• [Task description] Among the records that follow, find the line with "by rewrite powR_mulrn" and the line with "move=> X1; set Y := (X \- cst _)%R.". Set down those lines and all lines between them exactly, without adding anything.

• [Exercise input]
(* For any random vector $\vec{x}=(\vec{x}(0),\dots,\vec{x}(k-1))$ of real random variables with finite expectations (not necessarily independent), $$\mathbb{E}\Big[\max_{j<k}\vec{x}(j)\Big]-\max_{j<k}\mathbb{E}[\vec{x}(j)]\le\frac12\sum_{j<k}\sqrt{\mathrm{Var}(\vec{x}(j))}.$$ *)

From HB Require Import structures.
From mathcomp Require Import all_boot all_order all_algebra.
From mathcomp Require Import all_classical all_reals all_analysis.
Set Implicit Arguments. Unset Strict Implicit. Unset Printing Implicit Defensive.

From HB Require Import structures.
From mathcomp Require Import all_boot all_order all_algebra.
From mathcomp Require Import all_classical all_reals all_analysis.
From mathcomp Require Import measurable_realfun lra.
Set Implicit Arguments.
Unset Strict Implicit.
Unset Printing Implicit Defensive.
Import Order.TTheory GRing.Theory Num.Theory.
Local Open Scope ring_scope.
Local Open Scope ereal_scope.

(* Let m_j = E x(j) and M = max_j m_j.  Pointwise
   max_j x(j) <= M + sum_j (x(j) - m_j)^+, so that
   E max_j x(j) - M <= sum_j E (x(j) - m_j)^+.  A centred integrable Y has
   E Y^+ = E Y^- = E|Y| / 2, and on a probability space Hoelder's inequality
   against the constant 1 gives E|Y| <= ||Y||_2 = sqrt (Var Y). *)

Lemma bigmaxe_le_add_sum_pos (R : realType) (I : finType) (x m : I -> R) :
  \big[maxe/-oo]_i (x i)%:E
    <= \big[maxe/-oo]_i (m i)%:E + \sum_i maxe (x i - m i)%:E 0.
Proof.
apply: bigmax_le => [|i _]; first exact: leNye.
have -> : x i = (m i + (x i - m i))%R by rewrite addrC subrK.
rewrite EFinD; apply: leeD.
  exact: (le_bigmax _ (fun j => (m j)%:E) i).
rewrite (bigD1 i) //=; apply: le_trans (leeDl _ _).
  by rewrite le_max lexx.
by apply: sume_ge0 => j _; rewrite le_max lexx orbT.
Qed.

Lemma bigmaxe_EFin_fin_num (R : realType) (I : finType) (i0 : I) (x : I -> R) :
  \big[maxe/-oo]_i (x i)%:E \is a fin_num.
Proof.
by have [i _ ->] := @eq_bigmax _ _ _ -oo i0 xpredT (fun i => (x i)%:E) isT
  (fun i _ => leNye _).
Qed.

Section integral_lemmas.
Context d (T : measurableType d) (R : realType).
Variable mu : {measure set T -> \bar R}.
Variables (D : set T) (mD : measurable D).

Lemma measurable_bigmaxe (I : Type) (s : seq I) (f : I -> T -> \bar R) :
  (forall i, measurable_fun D (f i)) ->
  measurable_fun D (fun x => \big[maxe/-oo]_(i <- s) f i x).
Proof.
move=> mf; elim: s => [|i s ih].
  by under eq_fun do rewrite big_nil; exact: measurable_cst.
by under eq_fun do rewrite big_cons; exact: measurable_maxe.
Qed.

Lemma integrable_bigmaxe (I : finType) (i0 : I) (f : I -> T -> \bar R) :
  (forall i, mu.-integrable D (f i)) ->
  mu.-integrable D (fun x => \big[maxe/-oo]_i f i x).
Proof.
move=> intf.
apply: (le_integrable mD (g := fun x => \sum_i `|f i x|)).
- by apply: measurable_bigmaxe => i; exact: measurable_int (intf i).
- move=> x _.
  have [i _ ->] := @eq_bigmax _ _ _ -oo i0 xpredT (f^~ x) isT
    (fun i _ => leNye _).
  rewrite [leRHS]gee0_abs; last exact: sume_ge0.
  by rewrite (bigD1 i) //=; apply: leeDl; exact: sume_ge0.
- by apply: integrable_sum => // i _; exact: integrable_abse.
Qed.

Lemma integral_funepos_centered (f : T -> \bar R) :
  mu.-integrable D f -> \int[mu]_(x in D) f x = 0 ->
  \int[mu]_(x in D) f^\+ x = 2^-1%:E * \int[mu]_(x in D) `|f x|.
Proof.
move=> intf f0.
have pos_fin : \int[mu]_(x in D) f^\+ x \is a fin_num.
  by rewrite ge0_fin_numE ?integral_funepos_lt_pinfty // integral_ge0.
have neg_fin : \int[mu]_(x in D) f^\- x \is a fin_num.
  by rewrite ge0_fin_numE ?integral_funeneg_lt_pinfty // integral_ge0.
have -> : \int[mu]_(x in D) `|f x|
          = \int[mu]_(x in D) f^\+ x + \int[mu]_(x in D) f^\- x.
  rewrite -ge0_integralD //.
  - by apply: eq_integral => x _; rewrite -[_ + _]/((_ \+ _) x) -fune_abse.
  - exact: measurable_funepos (measurable_int _ intf).
  - exact: measurable_funeneg (measurable_int _ intf).
move: f0; rewrite integralE -(fineK pos_fin) -(fineK neg_fin) -EFinB.
by move=> -[/subr0_eq ->]; rewrite -EFinD -EFinM; congr _%:E; lra.
Qed.
End integral_lemmas.

Section centered.
Context d (T : measurableType d) (R : realType) (P : probability T R).

Lemma Lnorm1_le_Lnorm2 (f : T -> R) : measurable_fun setT f ->
  'N[P]_1[EFin \o f] <= 'N[P]_2%:E[EFin \o f].
Proof.
move=> mf.
have half : (2^-1 + 2^-1 = 1 :> R)%R by rewrite [in RHS](splitr 1) mul1r.
have := hoelder P mf (measurable_cst (1%R : R)) (ltr0Sn R 1) (ltr0Sn R 1) half.
have -> : 'N[P]_2%:E[EFin \o cst 1%R] = 1.
  rewrite -[EFin \o _]/(cst 1) (Lnorm_cst1 P 2).
  by rewrite -[RHS](poweR1r 2^-1); congr (_ `^ _); exact: probability_setT.
by rewrite mule1; under eq_Lnorm do rewrite /= mulr1.
Qed.

Lemma expectation_centered (X : T -> R) : X \in Lfun P 1 ->
  'E_P[X \- cst (fine 'E_P[X])] = 0.
Proof.
move=> X1; rewrite expectationB ?Lfun_cst // expectation_cst.
by rewrite fineK ?expectation_fin_num // subee ?expectation_fin_num.
Qed.

Lemma sqrte_variance (X : T -> R) :
  sqrte 'V_P[X] = 'N[P]_2%:E[EFin \o (X \- cst (fine 'E_P[X]))%R].
Proof.
rewrite unlock /= poweR12_sqrt; last first.
  by apply: integral_ge0 => x _; rewrite lee_fin powR_ge0.
congr sqrte; rewrite /variance unlock /= unlock.
apply: eq_integral => x _ /=.
by rewrite powR_mulrn // -normrX ger0_norm ?sqr_ge0 // expr2.
Qed.

Lemma integral_centered_funepos_le (X : T -> R) : X \in Lfun P 1 ->
  \int[P]_w ((EFin \o (X \- cst (fine 'E_P[X]))%R)^\+ w)
    <= 2^-1%:E * sqrte 'V_P[X].
Proof.
move=> X1; set Y := (X \- cst _)%R.
have Y1 : Y \in Lfun P 1 by rewrite rpredB // Lfun_cst.
have intY : P.-integrable setT (EFin \o Y) by apply/Lfun1_integrable.
rewrite integral_funepos_centered //; last first.
  by move: (expectation_centered X1); rewrite {1}unlock.
have mY : measurable_fun setT Y.
  by apply/measurable_EFinP; exact: measurable_int intY.
apply: lee_wpmul2l; first by rewrite lee_fin invr_ge0.
by have := Lnorm1_le_Lnorm2 mY; rewrite Lnorm1 -sqrte_variance.
Qed.

Lemma integral_bigmaxe_le (I : finType) (i0 : I) (X : I -> T -> R) :
    (forall i, X i \in Lfun P 1) ->
  \int[P]_w \big[maxe/-oo]_i (X i w)%:E
    <= \big[maxe/-oo]_i 'E_P[X i]
       + \sum_i \int[P]_w ((EFin \o (X i \- cst (fine 'E_P[X i]))%R)^\+ w).
Proof.
move=> X1; set m := fun i => fine 'E_P[X i].
have intX i : P.-integrable setT (EFin \o X i) by apply/Lfun1_integrable.
have Em i : 'E_P[X i] = (m i)%:E by rewrite fineK ?expectation_fin_num.
under eq_bigr do rewrite Em.
set M := \big[maxe/-oo]_i _.
have M_fin : M \is a fin_num by exact: bigmaxe_EFin_fin_num.
set pos := fun i => (EFin \o (X i \- cst (m i)))%R^\+.
have intpos i : P.-integrable setT (pos i).
  apply: integrable_funepos => //; apply/Lfun1_integrable.
  by rewrite rpredB ?Lfun_cst.
have intsum : P.-integrable setT (fun w => \sum_i pos i w).
  by apply: integrable_sum => // i _.
have intM : P.-integrable setT (cst M).
  by rewrite -(fineK M_fin); exact: finite_measure_integrable_cst.
apply: (@le_trans _ _ (\int[P]_w (M + \sum_i pos i w))).
  apply: le_integral => //.
  - exact: integrable_bigmaxe.
  - exact: (integrableD _ intM intsum).
  - move=> w _; under [in leRHS]eq_bigr do rewrite /pos funeposE.
    exact: bigmaxe_le_add_sum_pos.
rewrite integralD // integral_cst // integral_sum //.
rewrite [X in _ * X](_ : _ = 1) ?mule1 //; exact: probability_setT.
Qed.
End centered.

Theorem lemma3p5 (d : measure_display) (T : measurableType d) (R : realType)
  (P : probability T R) (k : nat) (hk : (0 < k)%N)
  (X : 'I_k -> {RV P >-> R}) (hX : forall j, (X j : T -> R) \in Lfun P 1) :
  'E_P[fun w => fine (\big[maxe/-oo]_(j < k) ((X j w)%:E))]
    - \big[maxe/-oo]_(j < k) 'E_P[X j]
  <= (2^-1)%:E * \sum_(j < k) sqrte 'V_P[X j].
Proof.
set j0 := Ordinal hk.
have -> : 'E_P[fun w => fine (\big[maxe/-oo]_(j < k) (X j w)%:E)]
          = \int[P]_w \big[maxe/-oo]_(j < k) (X j w)%:E.
  rewrite unlock; apply: eq_integral => w _.
  by rewrite fineK // (bigmaxe_EFin_fin_num j0).
have maxE_fin : \big[maxe/-oo]_(j < k) 'E_P[X j] \is a fin_num.
  under eq_bigr do rewrite -[ 'E_P[_] ]fineK ?expectation_fin_num //.
  exact: bigmaxe_EFin_fin_num j0 _.
rewrite leeBlDl // ge0_sume_distrr; last by move=> j _; exact: sqrte_ge0.
apply: le_trans (integral_bigmaxe_le j0 hX) _.
rewrite leeD2l //; apply: lee_sum => j _; exact: integral_centered_funepos_le.
Qed.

• [Response to the task]
by rewrite powR_mulrn // -normrX ger0_norm ?sqr_ge0 // expr2.
Qed.

Lemma integral_centered_funepos_le (X : T -> R) : X \in Lfun P 1 ->
  \int[P]_w ((EFin \o (X \- cst (fine 'E_P[X]))%R)^\+ w)
    <= 2^-1%:E * sqrte 'V_P[X].
Proof.
move=> X1; set Y := (X \- cst _)%R.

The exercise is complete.